During the above process of mechanofluorochromism investigation, we found that the emitting colors of THPs 1b, 2 and 3 in green ground power could spontaneously recover to blue under room temperature without the exertion of any external stimulation. So we carefully observed and systematically studied the self-reversible characteristics of THPs 1–3. As shown in Fig. 4, the green or cyan-emitting ground powders of 1b, 2 and 3 can all self-recover to blue-emitting solids in 1–2 d under 30 °C, exhibiting wonderful spontaneous fluorescence recovery.
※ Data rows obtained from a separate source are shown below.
(* Since [u1 >= 0], [u1 x] dominates the integral of [-u2 = t^sigma u^p] over [[x, +oo)],
   on which [u >= u x]. *)
Lemma u1_ge_tail : sigma < -1 -> 0 <= p -> forall x, 0 < x ->
  Rpower (u x) p * Rpower x (sigma + 1) / (- sigma - 1) <= u1 x.
Proof.
  intros Hs Hp x Hx.
  set (A := Rpower (u x) p / (- sigma - 1)).
  assert (HA : 0 < A) by (apply Rdiv_lt_0_compat; [apply Rpower_pos | lra]).
  assert (Htail : forall y, x <= y ->
            A * (Rpower x (sigma + 1) - Rpower y (sigma + 1)) <= u1 x).
  { intros y Hxy.
    assert (u1 y - A * Rpower y (sigma + 1) <= u1 x - A * Rpower x (sigma + 1)).
    { apply (nonincreasing_of_derive_nonpos (fun t => u1 t - A * Rpower t (sigma + 1))
               (fun t => u2 t - A * ((sigma + 1) * Rpower t (sigma + 1 - 1)))); [exact Hxy | |].
      - intros t Ht; apply (is_derive_minus u1 (fun t => A * Rpower t (sigma + 1)));
          [apply sol_derivs; lra |].
        apply (is_derive_scal (fun t => Rpower t (sigma + 1))), is_derive_Reals,
          derivable_pt_lim_power; lra.
      - intros t Ht; destruct (sol t) as [_ [_ [_ ->]]]; [lra |].
        replace (sigma + 1 - 1) with sigma by ring.
        assert (Rpower (u x) p <= Rpower (u t) p)
          by (apply Rle_Rpower_l; [lra | split; [apply sol_u_pos, Hx | apply sol_u_nondec; lra]]).
        pose proof (Rpower_pos t sigma).
        replace (A * ((sigma + 1) * Rpower t sigma)) with (- (Rpower (u x) p * Rpower t sigma))
          by (unfold A; field; lra).
        nra. }
    pose proof (u1_nonneg y ltac:(lra)); lra. }
  replace (Rpower (u x) p * Rpower x (sigma + 1) / (- sigma - 1))
    with (A * Rpower x (sigma + 1)) by (unfold A; field; lra).
  apply Rle_plus_epsilon; intros eps Heps.
  destruct (Rpower_small_eventually (sigma + 1) (eps / A) x) as [y [Hxy [_ Hy]]];
    [lra | apply Rdiv_lt_0_compat; lra |].
  specialize (Htail y Hxy).
  assert (A * Rpower y (sigma + 1) <= A * (eps / A)) by (apply Rmult_le_compat_l; lra).
  replace (A * (eps / A)) with eps in * by (field; lra).
  lra.
Qed.

Lemma u_ge_tail : sigma < -1 -> 0 <= p -> forall x, 0 < x ->
  Rpower (u x) p * Rpower x (sigma + 2) / (- sigma - 1) <= u x.
Proof.
  intros Hs Hp x Hx.
  replace (sigma + 2) with (sigma + 1 + 1) by ring; rewrite Rpower_plus_1 by exact Hx.
  pose proof (u1_ge_tail Hs Hp x Hx); pose proof (tangent_at_0_nonneg x Hx).
  replace (Rpower (u x) p * (Rpower x (sigma + 1) * x) / (- sigma - 1))
    with (Rpower (u x) p * Rpower x (sigma + 1) / (- sigma - 1) * x) by (field; lra).
  nra.
Qed.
But for 1c, the ground powder didn't show fluorescence change when stood still.

Fig. 4 Photos of the initial crystals and ground samples kept for different time of 1b (a), 2 (b) and 3 (c) taken under 365 nm light respectively.
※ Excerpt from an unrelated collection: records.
(* Layer-cake decomposition of [f d] over the annuli [(n+1) a <= d < (n+2) a]. *)
Lemma layer_cake (N : nat) (d : R) :
  a <= d < INR (S (S N)) * a -> f d <= sum_n (layer d) N + sample (S N).
Proof.
  revert d; induction N as [|N IH]; intros d Hd.
  - rewrite sum_O; unfold layer, inside; destruct (Rltb_spec d (INR 2 * a)); [|lra].
    replace ((sample 0 - sample 1) * 1 + sample 1) with (f (1 * a)) by (unfold sample; simpl; ring).
    apply f_antitone; lra.
  - rewrite sum_n_Sn_R; unfold layer at 2, inside.
    destruct (Rltb_spec d (INR (S (S (S N))) * a)); [|lra].
    destruct (Rlt_or_le d (INR (S (S N)) * a)) as [Hnear|Hfar].
    + pose proof (IH d (conj (proj1 Hd) Hnear)); lra.
    + rewrite (sum_layers_beyond N d Hfar).
      replace (0 + (sample (S N) - sample (S (S N))) * 1 + sample (S (S N)))
        with (f (INR (S (S N)) * a)) by (unfold sample; ring).
      apply f_antitone; pose proof (pos_INR (S (S N))); split; nra.
Qed.

(* The layer-cake bounds summed over [T], then summation by parts. *)
Lemma lsum_le_layered_sum (c : nat -> R) (T : list pt) (r : pt) (N : nat) :
  (forall t, In t T -> a <= dist2 t r < INR (S (S N)) * a) ->
  (forall n, INR (length (filter (fun t => inside (dist2 t r) n) T)) <= sum_n c n) ->
  lsum (fun t => f (dist2 t r)) T <= sum_n (fun n => c n * sample n) N.
Proof.
  intros Hrange Hcount.
  rewrite sum_n_by_parts.
  apply Rle_trans with (lsum (fun t => sum_n (fun n => layer (dist2 t r) n) N + sample (S N)) T).
  { apply lsum_le; intros t Ht; apply layer_cake, Hrange, Ht. }
  rewrite lsum_plus, lsum_const, (lsum_sum_n (fun n t => layer (dist2 t r) n)).
  assert (Hall : INR (length T) = INR (length (filter (fun t => inside (dist2 t r) N) T))).
  { rewrite <- lsum_indicator, <- (Rmult_1_r (INR (length T))), <- lsum_const.
    apply lsum_ext; intros t Ht; unfold inside.
    destruct (Rltb_spec (dist2 t r) (INR (S (S N)) * a)); [reflexivity|].
    pose proof (Hrange t Ht); lra. }
  apply Rplus_le_compat.
  - apply (sum_n_m_le _ _ 0 N); intros n; unfold layer.
    rewrite lsum_scal, lsum_indicator, (Rmult_comm (sum_n c n)).
    apply Rmult_le_compat_l; [pose proof (sample_antitone n); lra | apply Hcount].
  - rewrite Hall; apply Rmult_le_compat_r; [apply f_ge0 | apply Hcount].
Qed.

End Layers.

Lemma sum_n_odd_weights (n : nat) :
  sum_n (fun k => 6 * INR (S k) + 3) n = 3 * INR (S n) ^ 2 + 6 * INR (S n) :> R.
Proof.
  induction n as [|n IH].
  - rewrite sum_O; simpl; ring.
  - rewrite sum_n_Sn_R, IH, (S_INR (S n)); ring.
Qed.

Lemma exists_nat_bound_list (g : pt -> R) (l : list pt) (a : R) :
  0 < a -> exists N, forall p, In p l -> g p < INR N * a.
Proof.
  intros Ha; induction l as [|p l [N1 HN1]].
  - exists 0%nat; intros p [].
  - destruct (INR_unbounded (g p / a)) as [N0 HN0].
    exists (Nat.max N0 N1); intros q [->|Hq].
    + pose proof (le_INR _ _ (Nat.le_max_l N0 N1)).
      apply (Rmult_lt_compat_r a) in HN0; [|lra].
      replace (g q / a * a) with (g q) in HN0 by (field; lra); nra.
    + pose proof (le_INR _ _ (Nat.le_max_r N0 N1)); pose proof (HN1 q Hq); nra.
Qed.

Lemma eta_pow_pos (alpha d : R) : 0 < eta_pow alpha d.
Proof. apply Rinv_0_lt_compat, exp_pos. Qed.

Lemma eta_pow_antitone (alpha x y : R) :
  0 < alpha -> 0 <= x <= y -> eta_pow alpha y <= eta_pow alpha x.
Proof.
  intros Hal Hxy; apply Rinv_le_contravar; [apply exp_pos|].
  apply Rle_Rpower_l; lra.
Qed.

Lemma DC_interferer_far (C D : R) (t r : pt) (T : list pt) (t' : pt) :
  0 <= D -> DC C D t r T -> In t' T -> C * (1 + D / 2) <= dist2 t' r.
Proof.
  intros HD (_ & Ht & Htr & Hsep) Ht'.
  assert (t' <> t) by (intros ->; contradiction).
  pose proof (Hsep t' t (in_cons t t' T Ht') (in_eq t T) H).
  pose proof (dist2_triangle t' r t); rewrite (dist2_sym r t) in *.
  assert (0 <= dist2 t r) by apply sqrt_pos.
  nra.
Qed.

(* The separation C (2 + D) makes the disks of radius C (1 + D/2) around t and the
   interferers disjoint. *)
Lemma DC_count_inside (C D : R) (t r : pt) (T : list pt) (n : nat) :
  0 < C -> 0 <= D -> DC C D t r T ->
  INR (length (filter (fun t' => inside (C * (1 + D / 2)) (dist2 t' r) n) T))
    <= 3 * INR (S n) ^ 2 + 6 * INR (S n).
Proof.
  intros HC HD HDC; pose proof HDC as (Hnd & Ht & Htr & Hsep).
  set (a := C * (1 + D / 2)); set (k := INR (S n)).
  assert (Ha : C <= a) by (unfold a; nra).
  assert (Hk : 1 <= k) by (unfold k; rewrite S_INR; pose proof (pos_INR n); lra).
  set (Q := filter (fun t' => inside a (dist2 t' r) n) T).
  pose proof (disjoint_disks_packing a ((k + 1) * a) (t :: Q) r) as Hpack.
  simpl length in Hpack; rewrite S_INR in Hpack; fold Q in Hpack |- *.
  assert (Ha0 : 0 < a) by lra.
  assert (INR (length Q) + 1 <= (k + 2)^2); [|nra].
  apply (Rmult_le_reg_r (a^2)); [nra|].
  replace ((k + 2)^2 * a^2) with (((k + 1) * a + a)^2) by ring.
  apply Hpack; [lra | nra | | |].
  - unfold Q; constructor; [rewrite filter_In; tauto | apply NoDup_filter, Hnd].
  - assert (HQT : forall p, In p (t :: Q) -> In p (t :: T)).
    { intros p [->|Hp]; [apply in_eq | apply in_cons].
      unfold Q in Hp; apply filter_In in Hp; tauto. }
    intros p q Hp Hq Hpq; replace (2 * a) with (C * (2 + D)) by (unfold a; field).
    apply Hsep; auto.
  - intros p [<-|Hp]; [nra|].
    apply filter_In in Hp as [_ Hin]; unfold inside, k in *.
    destruct (Rltb_spec (dist2 p r) (INR (S (S n)) * a)); [|discriminate].
    rewrite (S_INR (S n)) in *; lra.
Qed.

Lemma DC_interference_le_series (alpha C D s : R) (t r : pt) (T : list pt) :
  0 < alpha -> 0 < C -> 0 < D ->
  is_series (fun n : nat =>
     let k := INR (S n) in (6 * k + 3) / Rpower (1 + k * C * (1 + D / 2)) alpha) s ->
  DC C D t r T -> lsum (fun t' => eta_pow alpha (dist2 t' r)) T <= s.
Proof.
  intros Hal HC HD Hs HDC.
  set (a := C * (1 + D / 2)).
  assert (Ha : 0 < a) by (unfold a; nra).
  destruct (exists_nat_bound_list (fun t' => dist2 t' r) T a Ha) as [N HN].
  apply Rle_trans with (sum_n (fun n => (6 * INR (S n) + 3) * sample (eta_pow alpha) a n) N).
  - apply lsum_le_layered_sum; auto.
    + intros; left; apply eta_pow_pos.
    + intros x y; apply eta_pow_antitone, Hal.
    + intros t' Ht'; split; [apply (DC_interferer_far C D t r T); auto; lra|].
      pose proof (HN t' Ht'); pose proof (le_INR N (S (S N)) ltac:(lia)); nra.
    + intros n; rewrite sum_n_odd_weights; apply (DC_count_inside C D t); auto; lra.
  - rewrite (sum_n_ext _ (fun n : nat =>
       let k := INR (S n) in (6 * k + 3) / Rpower (1 + k * C * (1 + D / 2)) alpha)).
    + apply (is_series_partial_le _ s N Hs); intros n.
      pose proof (pos_INR (S n)); apply Rdiv_le_0_compat; [lra | apply exp_pos].
    + intros n; unfold sample, eta_pow, a; cbv zeta; rewrite Rmult_assoc; reflexivity.
Qed.

(* The power [P := beta No / (e - beta I)] makes the SINR bound an equality in the worst case. *)
Lemma ensures_SINR_of_bounds (beta No : R) (eta : R -> R) (C D e I : R) :
  0 < No -> 0 < beta -> beta * I < e -> (forall x, 0 <= eta x) ->
  (forall t r T, DC C D t r T -> e <= eta (dist2 t r)) ->
  (forall t r T, DC C D t r T -> lsum (fun t' => eta (dist2 t' r)) T <= I) ->
  ensures_SINR beta No eta C D.
Proof.
  intros HNo Hbeta HI Heta Hsignal Hinterf.
  set (P := beta * No / (e - beta * I)).
  assert (HP : 0 < P) by (apply Rdiv_lt_0_compat; nra).
  assert (HPe : P * e = beta * No + P * (beta * I)) by (unfold P; field; lra).
  exists P; split; [exact HP|]; intros t r T HDC.
  specialize (Hsignal t r T HDC); specialize (Hinterf t r T HDC).
  assert (Hsum : 0 <= lsum (fun t' => eta (dist2 t' r)) T) by (apply lsum_ge0; auto).
  unfold SINR; rewrite lsum_scal.
  apply Rle_div_r; [nra|].
  assert (P * (beta * lsum (fun t' => eta (dist2 t' r)) T) <= P * (beta * I)) by
    (apply Rmult_le_compat_l; nra).
  assert (P * e <= P * eta (dist2 t r)) by (apply Rmult_le_compat_l; lra).
  nra.
Qed.

Theorem corollary1 (No alpha beta C D : R) :
  0 < No -> 0 < alpha -> 0 < beta -> 0 < C -> 0 < D ->
  (exists s : R,
     is_series (fun n : nat =>
        let k := INR (S n) in
        (6 * k + 3) / Rpower (1 + k * C * (1 + D / 2)) alpha) s /\
     Rpower (1 + C) alpha * s < / beta) ->
  ensures_SINR beta No (eta_pow alpha) C D.
Proof.
  intros HNo Hal Hbeta HC HD [s [Hs Hsum]].
  apply (ensures_SINR_of_bounds _ _ _ _ _ (eta_pow alpha C) s HNo Hbeta).
  - assert (Hq : 0 < Rpower (1 + C) alpha) by apply exp_pos.
    unfold eta_pow; apply (Rmult_lt_reg_l (Rpower (1 + C) alpha / beta)).
    + apply Rdiv_lt_0_compat; lra.
    + replace (Rpower (1 + C) alpha / beta * (beta * s)) with (Rpower (1 + C) alpha * s)
        by (field; lra).
      replace (Rpower (1 + C) alpha / beta * / Rpower (1 + C) alpha) with (/ beta)
        by (field; lra).
      exact Hsum.
  - intros x; left; apply eta_pow_pos.
  - intros t r T (_ & _ & Htr & _); apply eta_pow_antitone; [exact Hal|].
    split; [apply sqrt_pos | exact Htr].
  - intros t r T HDC; apply (DC_interference_le_series alpha C D s t); auto.
Qed.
3.4. Mechanism of the reversible mechanofluorochromism of THPs 1–3

To get insight into the mechanism of the reversible mechanofluorochromic characteristics, the XRD analysis was conducted on the three THPs. As demonstrated in Fig. 5a and c, the as-synthesized crystals of THPs 1–3 (1–3-initial) exhibit sharp and strong reflection peaks, suggesting highly ordered and different molecular arrangements of the crystals. There are only very weak or no reflection peaks for the corresponding ground powders of THPs 1–3, indicating amorphous states with short-range ordered molecular arrangements after grinding. The diffraction patterns of the fumed states of the ground powder of 1b (1b-fumed) and 1c (1c-fumed) samples are almost identical to the as-synthesized 1b, and those of the 2-fumed and 3-fumed samples are almost identical to the as-synthesized 2 and 3 solids respectively. These results show that the ground powders of the THPs can all revert back to their original blue-emitting crystals by fuming, which demonstrates that the as-synthesized crystals are more stable solid states.
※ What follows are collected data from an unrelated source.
(* Let $(X,d)$ be a separable metric space, $T\colon X\to X$ Borel measurable, and $\mu$ a $T$-invariant Borel probability measure with Hausdorff dimension $\alpha$. Then $C_\phi\le 1/\alpha$ (with $1/0=\infty$), where \[C_\phi=\sup\big(\{0\}\cup\{s>0:\ \liminf_{n\to\infty}n^s d(T^nx,y)=0 \text{ for }\mu\times\mu\text{-a.e. }(x,y)\}\big).\]
   Context: The Hausdorff dimension of $\mu$ (with respect to $d$) is understood as $\inf\{\dim_H E:\ E \text{ Borel},\ \mu(E)=1\}$, where $\dim_H$ is Hausdorff dimension of sets. *)

From HB Require Import structures.
From mathcomp Require Import all_boot all_order all_algebra.
From mathcomp Require Import all_classical all_reals all_analysis.
Unset Printing Implicit Defensive.
Import Order.TTheory GRing.Theory Num.Theory.
Local Open Scope classical_set_scope.
Local Open Scope ring_scope.

Section metric_defs.
Context {R : realType} {X : Type}.
Variable d : X -> X -> R.

Definition is_metric : Prop :=
  [/\ forall x y, 0 <= d x y,
      forall x y, d x y = 0 <-> x = y,
      forall x y, d x y = d y x &
      forall x y z, d x z <= d x y + d y z].

Definition separable_metric : Prop :=
  exists D : set X, countable D /\
    forall x (e : R), 0 < e -> exists2 y, D y & d x y < e.

Definition metric_open (A : set X) : Prop :=
  forall x, A x -> exists2 r : R, 0 < r & [set y | d x y < r] `<=` A.

(* diameter of a set, as an extended real (sup of the empty set is -oo,
   but empty sets are given cost 0 below) *)
Definition diam (U : set X) : \bar R :=
  ereal_sup [set (d x y)%:E | x in U & y in U].

Definition hcost (s : R) (U : set X) : \bar R :=
  if U == set0 then 0%E else ((fine (diam U)) `^ s)%:E.

Definition hausdorff_content (s delta : R) (E : set X) : \bar R :=
  ereal_inf [set (\sum_(0 <= i <oo) hcost s (U i))%E | U in
    [set U : nat -> set X |
       E `<=` \bigcup_i U i /\
       forall i x y, U i x -> U i y -> d x y <= delta]].

Definition hausdorff_measure (s : R) (E : set X) : \bar R :=
  ereal_sup [set hausdorff_content s delta E | delta in [set delta : R | 0 < delta]].

Definition hausdorff_dim (E : set X) : \bar R :=
  ereal_inf [set s%:E | s in [set s : R | 0 <= s /\ hausdorff_measure s E = 0%E]].

End metric_defs.

Definition hausdorff_dim_measure {R : realType} {X : pointedType}
  (d : X -> X -> R)
  (mu : set (g_sigma_algebraType (metric_open d)) -> \bar R) : \bar R :=
  ereal_inf [set hausdorff_dim d E | E in
     [set E : set X | (metric_open d).-sigma.-measurable E /\ mu E = 1%E]].

Definition ereal_recip {R : realType} (a : \bar R) : \bar R :=
  match a with
  | r%:E => if r == 0 then +oo%E else (r^-1)%:E
  | _ => 0%E
  end.

Definition C_phi {R : realType} {X : pointedType} (d : X -> X -> R) (T : X -> X)
  (mu : {measure set (g_sigma_algebraType (metric_open d)) -> \bar R}) : \bar R :=
  ereal_sup ([set 0%E] `|` [set s%:E | s in [set s : R | 0 < s /\
     {ae (mu \x mu)%E, forall z : g_sigma_algebraType (metric_open d) *
                                  g_sigma_algebraType (metric_open d),
        limn_einf (fun n : nat => ((n%:R `^ s) * d (iter n T z.1) z.2)%:E) = 0%E}]]).

From HB Require Import structures.
From mathcomp Require Import all_boot all_order all_algebra.
From mathcomp Require Import all_classical all_reals all_analysis.
From mathcomp Require Import zify.
Set Implicit Arguments.
Unset Strict Implicit.
Import Order.TTheory GRing.Theory Num.Theory.
Local Open Scope classical_set_scope.
Local Open Scope ring_scope.

(* If the condition defining C_phi holds for some s > 0, Fubini gives a point x
   whose orbit satisfies liminf n^s d(T^n x, y) = 0 for mu-almost every y.  Each
   such y lies, for every c > 0, in some ball B(T^(n+1) x, c (n+1)^-s); these balls
   cover a set of full measure with total t-dimensional cost (2c)^t zeta(s t),
   which tends to 0 with c as soon as s t > 1.  Hence that set has Hausdorff
   dimension at most 1/s, and so does mu. *)

Section riemannR_convergence.
Context {R : realType}.

Lemma riemannR_sum_pow2_le (p : R) (K : nat) : 0 <= p ->
  \sum_(0 <= i < (2 ^ K).-1) riemannR p i <= \sum_(0 <= k < K) (2 / 2 `^ p) ^+ k.
Proof.
move=> p0; elim: K => [|K IH]; first by rewrite expn0 /= !big_geq.
have riemannR_le i j : (i <= j)%N -> riemannR p j <= riemannR p i.
  move=> ij; rewrite /= lef_pV2 ?posrE ?powR_gt0//.
  by rewrite ge0_ler_powR ?nnegrE ?ler_nat.
have -> : (2 ^ K.+1).-1 = ((2 ^ K).-1 + 2 ^ K)%N.
  by rewrite expnS; have := expn_gt0 2 K; lia.
rewrite (big_cat_nat _ (leq_addr _ _)) //= big_nat_recr //=.
apply: lerD => //.
(* Cauchy condensation: each of the [2 ^ K] terms of the block is at most [(2 ^ K) ^- p]. *)
apply: (@le_trans _ _ (\sum_((2 ^ K).-1 <= i < (2 ^ K).-1 + 2 ^ K) riemannR p (2 ^ K).-1)).
  by apply: ler_sum_nat => i /andP[+ _]; exact: riemannR_le.
rewrite sumr_const_nat addKn /riemannR prednK ?expn_gt0 //.
rewrite natrX -powR_mulrn // powRAC powR_mulrn ?powR_ge0 // -exprVn.
by rewrite -[_ *+ _]mulr_natr natrX -exprMn mulrC.
Qed.

Lemma riemannR_nneseries_bounded (p : R) : 1 < p ->
  exists2 Z : R, 0 < Z & (\sum_(0 <= i <oo) (riemannR p i)%:E <= Z%:E)%E.
Proof.
move=> p1; have p0 : 0 <= p by rewrite (le_trans _ (ltW p1)).
set r := 2 / 2 `^ p.
have r0 : 0 < r by rewrite divr_gt0 ?powR_gt0.
have r1 : r < 1.
  rewrite ltr_pdivrMr ?powR_gt0 // mul1r -[X in X < _]powRr1 //.
  by rewrite /powR !gt_eqF // ltr_expR ltr_pM2r ?ln_gt0 ?ltr1n.
exists (1 - r)^-1; first by rewrite invr_gt0 subr_gt0.
apply: lime_le.
  by apply: is_cvg_nneseries => i _ _; rewrite lee_fin ltW ?riemannR_gt0.
apply: nearW => M; rewrite sumEFin lee_fin.
have M_le : (M <= (2 ^ M).-1)%N by have := ltn_expl M (isT : (1 < 2)%N); lia.
apply: (@le_trans _ _ (\sum_(0 <= i < (2 ^ M).-1) riemannR p i)).
  rewrite (big_cat_nat (leq0n M) M_le) /= lerDl.
  by apply: sumr_ge0 => i _; rewrite ltW ?riemannR_gt0.
apply: (le_trans (riemannR_sum_pow2_le M p0)).
have r1' : `|r| < 1 by rewrite ger0_norm ?ltW.
have := geometric_le_lim M ler01 r0 r1'; rewrite mul1r seriesEnat.
by apply: le_trans; apply: ler_sum => k _; rewrite /= mul1r.
Qed.

End riemannR_convergence.

Section hausdorff_measure_of_ball_covers.
Context {R : realType} {X : Type} (d : X -> X -> R).
Hypothesis dm : is_metric d.

Lemma hcost_le_powR (U : set X) (t b : R) : 0 <= t -> 0 <= b ->
  (forall x y, U x -> U y -> d x y <= b) -> (hcost d t U <= (b `^ t)%:E)%E.
Proof.
case: dm => _ deq _ _ t0 b0 Ub; rewrite /hcost; case: ifPn => [_|/set0P[x Ux]].
  by rewrite lee_fin powR_ge0.
have diam_le : (diam d U <= b%:E)%E.
  by apply: ge_ereal_sup => _ [y Uy [z Uz <-]]; rewrite lee_fin Ub.
have diam_ge0 : (0 <= diam d U)%E.
  by apply: ereal_sup_ubound; exists x => //; exists x => //; rewrite (deq x x).2.
move: diam_ge0 diam_le; case: (diam d U) => [u| |] //= u0 ub.
by rewrite lee_fin ge0_ler_powR ?nnegrE.
Qed.

Lemma hcost_ge0 (t : R) (U : set X) : (0 <= hcost d t U)%E.
Proof. by rewrite /hcost; case: ifPn; rewrite ?lee_fin ?powR_ge0. Qed.

Lemma hausdorff_content_ball_cover (a : nat -> X) (r : nat -> R) (t delta : R)
    (E : set X) :
  0 <= t -> (forall i, 0 <= r i) -> (forall i, 2 * r i <= delta) ->
  E `<=` \bigcup_i [set y | d (a i) y < r i] ->
  (hausdorff_content d t delta E <= \sum_(0 <= i <oo) ((2 * r i) `^ t)%:E)%E.
Proof.
case: dm => _ _ dsym dtri t0 r0 r_delta Ecover.
set U := fun i => [set y | d (a i) y < r i].
have U_diam i y z : U i y -> U i z -> d y z <= 2 * r i.
  rewrite /U /= => ay az; rewrite (le_trans (dtri _ (a i) _)) // dsym.
  by rewrite mulr2n mulrDl mul1r lerD ?ltW.
apply: le_trans.
  apply: ereal_inf_lbound; exists U => //; split => // i y z Uy Uz.
  exact: le_trans (U_diam i y z Uy Uz) (r_delta i).
apply: lee_nneseries => [i _ _|i _]; first exact: hcost_ge0.
by apply: hcost_le_powR => //; [rewrite mulr_ge0 | exact: U_diam].
Qed.

Definition well_approximable (a : nat -> X) (s : R) : set X :=
  [set y | forall c : R, 0 < c -> exists n, n.+1%:R `^ s * d (a n) y < c].

Lemma hausdorff_content_well_approximable (a : nat -> X) (s t c delta Z : R)
    (E : set X) :
  0 < s -> 0 < t -> 0 < c -> 2 * c <= delta ->
  (\sum_(0 <= i <oo) (riemannR (s * t) i)%:E <= Z%:E)%E ->
  E `<=` well_approximable a s ->
  (hausdorff_content d t delta E <= ((2 * c) `^ t * Z)%:E)%E.
Proof.
move=> s0 t0 c0 c_delta Zbound Eapprox.
have ws1 i : 1 <= i.+1%:R `^ s :> R.
  by rewrite -[leLHS](powRr0 i.+1%:R); apply: ler_powR; rewrite ?ler1n ?ltW.
set r := fun i : nat => c / i.+1%:R `^ s.
apply: (le_trans (@hausdorff_content_ball_cover a r t delta E (ltW t0) _ _ _)).
- by move=> i; rewrite divr_ge0 ?ltW.
- move=> i; apply: le_trans c_delta; rewrite ler_wpM2l // ler_pdivrMr //.
  by rewrite ler_peMr ?(ltW c0) ?ws1.
- move=> y /Eapprox /(_ c c0) [n an]; exists n => //=.
  by rewrite ltr_pdivlMr // mulrC.
have cost_riemannR i : (2 * r i) `^ t = (2 * c) `^ t * riemannR (s * t) i.
  rewrite /r mulrA powRM ?mulr_ge0 ?invr_ge0 ?powR_ge0 ?ltW //; congr (_ * _).
  by rewrite -powR_inv1 ?powR_ge0 // -!powRrM mulN1r mulrN powRN.
under eq_eseriesr do rewrite cost_riemannR EFinM.
rewrite nneseriesZl => [|i _]; last by rewrite lee_fin ltW ?riemannR_gt0 ?mulr_ge0 ?ltW.
by rewrite EFinM lee_pmul2l ?lte_fin ?powR_gt0 ?mulr_gt0.
Qed.

Lemma hausdorff_content_well_approximable_eq0 (a : nat -> X) (s t delta : R)
    (E : set X) :
  0 < s -> 1 < s * t -> 0 < delta -> E `<=` well_approximable a s ->
  hausdorff_content d t delta E = 0%E.
Proof.
move=> s0 st1 delta0 Eapprox.
have t0 : 0 < t by rewrite -(pmulr_rgt0 _ s0) (lt_trans ltr01 st1).
have [Z Z0 Zbound] := riemannR_nneseries_bounded st1.
apply/le_anti/andP; split; last first.
  apply: le_ereal_inf_tmp => _ [U _ <-].
  by apply: nneseries_ge0 => i _ _; exact: hcost_ge0.
apply/lee_addgt0Pr => e e0; rewrite add0e.
set b := (e / Z) `^ t^-1.
have b0 : 0 < b by rewrite powR_gt0 // divr_gt0.
set c := Num.min (delta / 2) (b / 2).
have c0 : 0 < c by rewrite lt_min !divr_gt0.
have c_delta : 2 * c <= delta by rewrite mulrC -ler_pdivlMr // ge_min lexx.
have c_b : 2 * c <= b by rewrite mulrC -ler_pdivlMr // ge_min lexx orbT.
apply: (le_trans (hausdorff_content_well_approximable s0 t0 c0 c_delta Zbound Eapprox)).
have -> : e = b `^ t * Z.
  by rewrite /b -powRrM mulVf ?gt_eqF // powRr1 ?divfK ?gt_eqF // divr_ge0 ?ltW.
rewrite lee_fin ler_pM2r //.
by apply: ge0_ler_powR; rewrite ?nnegrE ?mulr_ge0 ?(ltW t0) ?(ltW b0) ?(ltW c0).
Qed.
Fig. 5 XRD patterns of 1b and 1c (a), 2 and 3 (c) and DSC curves of 1b and 1c (b), 2 and 3 (d) in initial, ground and fumed states, respectively.

DSC measurements were also conducted on the samples to investigate the phase transition during the mechanofluorochromic process. As shown in Fig. 5b and d, there are no transition peaks before melting points in the heating curves of the as-synthesized 1b, 1c, 2 and 3 crystals. However, it is found that the ground powders of 1b, 2 and 3 exhibit clear exothermic peaks at around 55.4, 82.3 and 57.6 °C in the DSC curves, respectively, corresponding to the cold-crystallization transitions. These results mean that the ground powders of these samples are in metastable phases, and they transform into more stable crystalline phases via an exothermal recrystallization process. But for the ground powder of 1c, there is no clear cold-crystallization peak is observed, instead, there appears another endothermic peak at approximately 114.2 °C before its melting point (126.8 °C) in the heating curve, which is different from the ground powders of other crystals. During the mechanofluorochromic process, we found that 1c was much less responsive to external stimuli than others, and it took much more time for it to transform into green-emitting powder by grinding or change into blue-emitting crystals by fuming. As we have reported in reference,⁴⁶ the 1c crystals are the kinetically favored form of THP 1 which can be obtained from solutions at lower temperature or higher concentration, while the 1b crystals are the thermodynamically favored form which can be obtained from solutions at higher temperature or lower concentration. During the heating process, the 1c-ground powders first recrystallized partly into kinetically favored 1c crystals at relatively lower temperature, and they might melt with the increasing of temperature and transform into thermodynamically favored 1b crystals, thus leading to the appearance of another endothermic melting peak at 114.2 °C in the DSC curve of the 1c-ground powders. Based on these XRD and DSC results, we can consider that the transformation between the amorphous and crystalline states is responsible for the reversible mechanofluorochromic behaviors of these THPs.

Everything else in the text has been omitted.